According to the present invention, in the SAW oscillator having the H-shaped structure, the temperature of the SAW oscillator housed in the upper chamber due to the heat generated by the oscillation circuit including the IC housed in the lower chamber is passed through the substrate or the partition wall. It has become possible to significantly reduce the impact.

Further, according to the present invention, the SAW vibrator made of a material different from that of the substrate such as ceramics is distorted due to the difference in the linear expansion coefficient of different substances, and as a result, the temperature characteristics and other characteristics of the SAW vibrator are generated. We were able to realize a support structure for the SAW oscillator that solves the problem of aggravation.

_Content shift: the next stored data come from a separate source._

(* k = g + T g + ... + T^M g + T^(M+1) k, and the remainder is at most sup |k| times a weight. *)
Lemma picard_neumann_series (k g : R -> R -> R) (s t : R) :
  unif_cont_2d k -> unif_cont_2d g ->
  (forall r w, a <= r <= b -> c <= w <= d -> k r w = g r w + picard k r w) ->
  a <= s <= b -> c <= t <= d ->
  is_series (fun j => picard_iter j g s t) (k s t).
Proof.
  intros Hk Hg Hkg Hs Ht.
  assert (Hstep : forall j, picard_iter j k s t = picard_iter j g s t + picard_iter (S j) k s t).
  { intros j; rewrite (picard_iter_ext j k (fun r w => g r w + picard k r w)) by auto.
    rewrite picard_iter_plus, picard_iter_picard; auto; apply unif_cont_2d_picard; auto. }
  assert (Hexpand : forall M,
    k s t = sum_f_R0 (fun j => picard_iter j g s t) M + picard_iter (S M) k s t).
  { induction M as [|M IHM]; [apply (Hstep O)|]; simpl sum_f_R0.
    rewrite IHM, (Hstep (S M)); cbn [picard_iter]; ring. }
  destruct (unif_cont_2d_bounded k Hk) as [Mk [HMk0 HMk]].
  assert (Hw := ex_series_lim_0 _ (ex_series_picard_weight (s - a) (t - c) ltac:(lra) ltac:(lra))).
  apply is_lim_seq_Reals in Hw.
  apply is_series_Reals; intros eps Heps.
  destruct (Hw (eps / (Mk + 1))) as [N HN]; [apply Rdiv_lt_0_compat; lra|].
  exists N; intros M HM; unfold R_dist.
  rewrite (Hexpand M), Rabs_minus_sym.
  replace (sum_f_R0 (fun j => picard_iter j g s t) M + picard_iter (S M) k s t -
           sum_f_R0 (fun j => picard_iter j g s t) M) with (picard_iter (S M) k s t) by ring.
  eapply Rle_lt_trans; [apply (Rabs_picard_iter_le k Mk); auto|].
  specialize (HN (S M) ltac:(lia)); unfold R_dist in HN.
  rewrite Rminus_0_r, Rabs_right in HN by (apply Rle_ge, picard_weight_nonneg; lra).
  apply Rle_lt_trans with (Mk * (eps / (Mk + 1))); [apply Rmult_le_compat_l; lra|].
  apply Rlt_le_trans with ((Mk + 1) * (eps / (Mk + 1))); [|right; field; lra].
  apply Rmult_lt_compat_r; [apply Rdiv_lt_0_compat|]; lra.
Qed.

Lemma picard_monomial (A : R) (i j : nat) (s t : R) :
  picard (fun r w => A * (r - a) ^ i * (w - c) ^ j) s t =
  C * (A * ((s - a) ^ S i / INR (S i)) * ((t - c) ^ S j / INR (S j))).
Proof.
  unfold picard.
  rewrite (RInt_ext _ (fun r => A * ((t - c) ^ S j / INR (S j)) * (r - a) ^ i)).
  - rewrite RInt_scal_pow_shift; ring.
  - intros r _; rewrite RInt_scal_pow_shift; simpl; ring.
Qed.

Lemma picard_iter_sum_steps (f : nat -> nat -> R -> R -> R) (N m : nat) (s t : R) :
  (forall n m, unif_cont_2d (f n m)) ->
  (forall n m s t, a <= s <= b -> c <= t <= d -> picard (f n m) s t = f n (S m) s t) ->
  a <= s <= b -> c <= t <= d ->
  picard_iter m (fun r w => sum_f_R0 (fun n => f n 0%nat r w) N) s t =
  sum_f_R0 (fun n => f n m s t) N.
Proof.
  intros Hf Hstep; revert s t; induction m as [|m IHm]; simpl; auto; intros s t Hs Ht.
  rewrite (picard_ext _ (fun r w => sum_f_R0 (fun n => f n m r w) N)) by auto.
  rewrite picard_sum by auto; apply sum_eq; intros; apply Hstep; auto.
Qed.

Lemma picard_iter_series_interchange (f : nat -> nat -> R -> R -> R) (g : R -> R -> R)
  (s t : R) :
  (forall n m, unif_cont_2d (f n m)) ->
  (forall n m s t, a <= s <= b -> c <= t <= d -> picard (f n m) s t = f n (S m) s t) ->
  unif_cont_2d g ->
  (forall eps, 0 < eps -> exists N0, forall N, (N0 <= N)%nat -> forall r w,
     a <= r <= b -> c <= w <= d -> Rabs (g r w - sum_f_R0 (fun n => f n 0%nat r w) N) <= eps) ->
  (forall n, ex_series (fun m => f n m s t)) ->
  a <= s <= b -> c <= t <= d ->
  ex_series (fun m => picard_iter m g s t) /\
  is_series (fun n => Series (fun m => f n m s t)) (Series (fun m => picard_iter m g s t)).
Proof.
  intros Hf Hstep Hg Happrox Hex Hs Ht.
  apply (is_series_Series_interchange (fun n m => f n m s t) _ (picard_weight (s - a) (t - c)));
    auto.
  { apply ex_series_picard_weight; lra. }
  intros eps Heps; destruct (Happrox eps Heps) as [N0 HN0]; exists N0; intros N m HN.
  set (P := fun r w => sum_f_R0 (fun n => f n 0%nat r w) N).
  assert (HP : unif_cont_2d P) by (apply unif_cont_2d_sum; auto).
  rewrite <- (picard_iter_sum_steps f N m s t Hf Hstep Hs Ht); fold P.
  rewrite <- picard_iter_minus by auto.
  apply Rabs_picard_iter_le; auto; [apply unif_cont_2d_minus; auto|].
  intros; apply HN0; auto.
Qed.

(** * Picard iterates of the boundary data *)

Lemma unif_cont_2d_gterm_fst (p : nat -> R) (n m : nat) :
  unif_cont_2d (fun r w => gterm p C (r - a) (w - c) n m).
Proof.
  apply unif_cont_2d_of_continuity_2d; intros x y _ _.
  eapply continuity_2d_pt_ext;
    [|apply (continuity_2d_pt_monomial (gcoef p C n m) a c (n + m) m)].
  intros r w; rewrite gterm_monomial; auto.
Qed.

Lemma unif_cont_2d_gterm_snd (q : nat -> R) (n m : nat) :
  unif_cont_2d (fun r w => gterm q C (w - c) (r - a) n m).
Proof.
  apply unif_cont_2d_of_continuity_2d; intros x y _ _.
  eapply continuity_2d_pt_ext;
    [|apply (continuity_2d_pt_monomial (gcoef q C n m) a c m (n + m))].
  intros r w; rewrite gterm_monomial; ring.
Qed.

Lemma picard_gterm_fst (p : nat -> R) (n m : nat) (s t : R) :
  picard (fun r w => gterm p C (r - a) (w - c) n m) s t = gterm p C (s - a) (t - c) n (S m).
Proof.
  rewrite <- gterm_succ, <- (picard_monomial (gcoef p C n m) (n + m) m).
  unfold picard; f_equal; apply RInt_ext; intros r _; apply RInt_ext; intros w _.
  apply gterm_monomial.
Qed.

Lemma picard_gterm_snd (q : nat -> R) (n m : nat) (s t : R) :
  picard (fun r w => gterm q C (w - c) (r - a) n m) s t = gterm q C (t - c) (s - a) n (S m).
Proof.
  rewrite <- gterm_succ.
  set (X := (s - a) ^ S m / INR (S m)); set (Y := (t - c) ^ S (n + m) / INR (S (n + m))).
  replace (C * (gcoef q C n m * Y * X)) with (C * (gcoef q C n m * X * Y)) by ring.
  unfold X, Y; rewrite <- (picard_monomial (gcoef q C n m) m (n + m)).
  unfold picard; f_equal; apply RInt_ext; intros r _; apply RInt_ext; intros w _.
  rewrite gterm_monomial; simpl; ring.
Qed.

Lemma pser_fst_unif_approx (p : nat -> R) (sigma : R -> R) :
  unif_cv_on (pser_partial p a) sigma a b ->
  forall eps, 0 < eps -> exists N0, forall N, (N0 <= N)%nat -> forall r w,
    a <= r <= b -> c <= w <= d ->
    Rabs (sigma r - p 0%nat - sum_f_R0 (fun n => gterm p C (r - a) (w - c) (S n) 0) N) <= eps.
Proof.
  intros Hcv eps Heps; destruct (Hcv eps Heps) as [N0 HN0]; exists N0; intros N HN r w Hr _.
  rewrite sum_gterm_m0_succ; change (sum_f_R0 _ (S N)) with (pser_partial p a (S N) r).
  replace (sigma r - p 0%nat - (pser_partial p a (S N) r - p 0%nat))
    with (- (pser_partial p a (S N) r - sigma r)) by ring.
  rewrite Rabs_Ropp; left; apply HN0; auto.
Qed.

Lemma pser_snd_unif_approx (q : nat -> R) (tau : R -> R) :
  unif_cv_on (pser_partial q c) tau c d ->
  forall eps, 0 < eps -> exists N0, forall N, (N0 <= N)%nat -> forall r w,
    a <= r <= b -> c <= w <= d ->
    Rabs (tau w - sum_f_R0 (fun n => gterm q C (w - c) (r - a) n 0) N) <= eps.
Proof.
  intros Hcv eps Heps; destruct (Hcv eps Heps) as [N0 HN0]; exists N0; intros N HN r w _ Hw.
  rewrite sum_gterm_m0; change (sum_f_R0 _ N) with (pser_partial q c N w).
  rewrite Rabs_minus_sym; left; apply HN0; auto.
Qed.

Lemma picard_iter_pser_fst (p : nat -> R) (sigma : R -> R) (s t : R) :
  unif_cv_on (pser_partial p a) sigma a b -> a <= s <= b -> c <= t <= d ->
  ex_series (fun m => picard_iter m (fun r _ => sigma r - p 0%nat) s t) /\
  is_series (fun n => Series (gterm p C (s - a) (t - c) (S n)))
    (Series (fun m => picard_iter m (fun r _ => sigma r - p 0%nat) s t)).
Proof.
  intros Hcv Hs Ht.
  apply (picard_iter_series_interchange (fun n m r w => gterm p C (r - a) (w - c) (S n) m)); auto.
  - intros; apply unif_cont_2d_gterm_fst.
  - intros; apply picard_gterm_fst.
  - apply unif_cont_2d_pser_fst; auto.
  - apply pser_fst_unif_approx; auto.
  - intros; apply ex_series_gterm; lra.
Qed.

Lemma picard_iter_pser_snd (q : nat -> R) (tau : R -> R) (s t : R) :
  unif_cv_on (pser_partial q c) tau c d -> a <= s <= b -> c <= t <= d ->
  ex_series (fun m => picard_iter m (fun _ w => tau w) s t) /\
  is_series (fun n => Series (gterm q C (t - c) (s - a) n))
    (Series (fun m => picard_iter m (fun _ w => tau w) s t)).
Proof.
  intros Hcv Hs Ht.
  apply (picard_iter_series_interchange (fun n m r w => gterm q C (w - c) (r - a) n m)); auto.
  - intros; apply unif_cont_2d_gterm_snd.
  - intros; apply picard_gterm_snd.
  - apply (unif_cont_2d_pser_snd q); auto.
  - apply pser_snd_unif_approx; auto.
  - intros; apply ex_series_gterm; lra.
Qed.

End Picard.

End Rectangle.

Theorem mainTheorem6 (a b c d C : R) (p q : nat -> R) (sigma tau : R -> R)
  (k : R -> R -> R) :
  a < b -> c < d -> C <> 0 -> p 0%nat = q 0%nat ->
  unif_cv_on (pser_partial p a) sigma a b ->
  unif_cv_on (pser_partial q c) tau c d ->
  (* k is the solution of the Goursat problem: continuous on the rectangle and
     satisfying the integral equation *)
  cont_on_rect k a b c d ->
  (forall s t, a <= s <= b -> c <= t <= d ->
     k s t = sigma s + tau t - sigma a
             + C * RInt (fun r => RInt (fun w => k r w) c t) a s) ->
  forall s t, a <= s <= b -> c <= t <= d ->
    (forall n, ex_series (gterm p C (s - a) (t - c) n)) /\
    (forall n, ex_series (gterm q C (t - c) (s - a) n)) /\
    (exists SP SQ : R,
       is_series (fun n => Series (gterm p C (s - a) (t - c) (S n))) SP /\
       is_series (fun n => Series (gterm q C (t - c) (s - a) n)) SQ /\
       k s t = SP + SQ) /\
    (exists SP SQ : R,
       is_series (fun n => Series (gterm p C (s - a) (t - c) n)) SP /\
       is_series (fun n => Series (gterm q C (t - c) (s - a) (S n))) SQ /\
       k s t = SP + SQ).
Proof.
  intros Hab Hcd _ Hpq Hsig Htau Hk Hkeq s t Hs Ht.
  assert (Hab' : a <= b) by lra; assert (Hcd' : c <= d) by lra.
  set (gs := fun r (_ : R) => sigma r - p 0%nat); set (gt := fun (_ : R) w => tau w).
  assert (Ugs : unif_cont_2d a b c d gs) by (apply unif_cont_2d_pser_fst; auto).
  assert (Ugt : unif_cont_2d a b c d gt) by (apply (unif_cont_2d_pser_snd a b c d q); auto).
  assert (Hneumann :
    is_series (fun j => picard_iter a c C j (fun r w => gs r w + gt r w) s t) (k s t)).
  { apply (picard_neumann_series a b c d); auto.
    - apply unif_cont_2d_of_cont_on_rect; auto.
    - apply unif_cont_2d_plus; auto.
    - intros r w Hr Hw; rewrite Hkeq, (unif_cv_on_pser_center p sigma a b) by auto.
      unfold gs, gt, picard; ring. }
  destruct (picard_iter_pser_fst a b c d Hab' Hcd' C p sigma s t) as [HGs HSs]; auto.
  destruct (picard_iter_pser_snd a b c d Hab' Hcd' C q tau s t) as [HGt HSt]; auto.
  set (Gs := fun m => picard_iter a c C m gs s t) in *.
  set (Gt := fun m => picard_iter a c C m gt s t) in *.
  assert (Hsplit : k s t = Series Gs + Series Gt).
  { rewrite <- Series_plus by auto; symmetry; apply is_series_unique.
    eapply is_series_ext; [|exact Hneumann]; intros j; apply (picard_iter_plus a b c d); auto. }
  split; [intros; apply ex_series_gterm; lra|].
  split; [intros; apply ex_series_gterm; lra|].
  split; [exists (Series Gs), (Series Gt); auto|].
  rewrite Hsplit; apply (is_series_move_head (fun n => Series (gterm p C (s - a) (t - c) n))
                                             (fun n => Series (gterm q C (t - c) (s - a) n))); auto.
  apply Series_ext; intros; apply gterm_n0_swap; auto.
Qed.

[Brief description of drawings]

FIG. 1 is a schematic side view showing a support structure for a SAW oscillator according to the present invention.

FIG. 2 is a schematic side view showing the structure of a SAW oscillator including the present invention.

FIG. 3 is a schematic top view of a SAW oscillator.

FIG. 4 is a schematic perspective view of a SAW vibrator.

FIG. 5 is a schematic side view showing the structure of a conventional SAW oscillator.

[Explanation of symbols]

1 substrate 3 SAW transducer 5 gap 7 First convex part 8 Second convex part 9 reflector

Claims (3)

[Claims] 1. A SAW oscillator, comprising the SAW oscillator and the SAW oscillator.
SAW oscillator support structure characterized by having a gap between the substrates on which the oscillator is mounted. 2. A gap between the SAW oscillator according to claim 1 and the substrate is formed by a first convex portion, and the gap faces the first convex portion in the longitudinal direction of the SAW oscillator. A support structure for an SAW oscillator, characterized in that it has a second convex portion at the end of the SAW oscillator. 3. The thickness of the first convex portion according to claim 2,
from about half the width of the reflector formed on the SAW oscillator at the longitudinal ends of the SAW oscillator. SAW oscillator support structure characterized by being on the outside.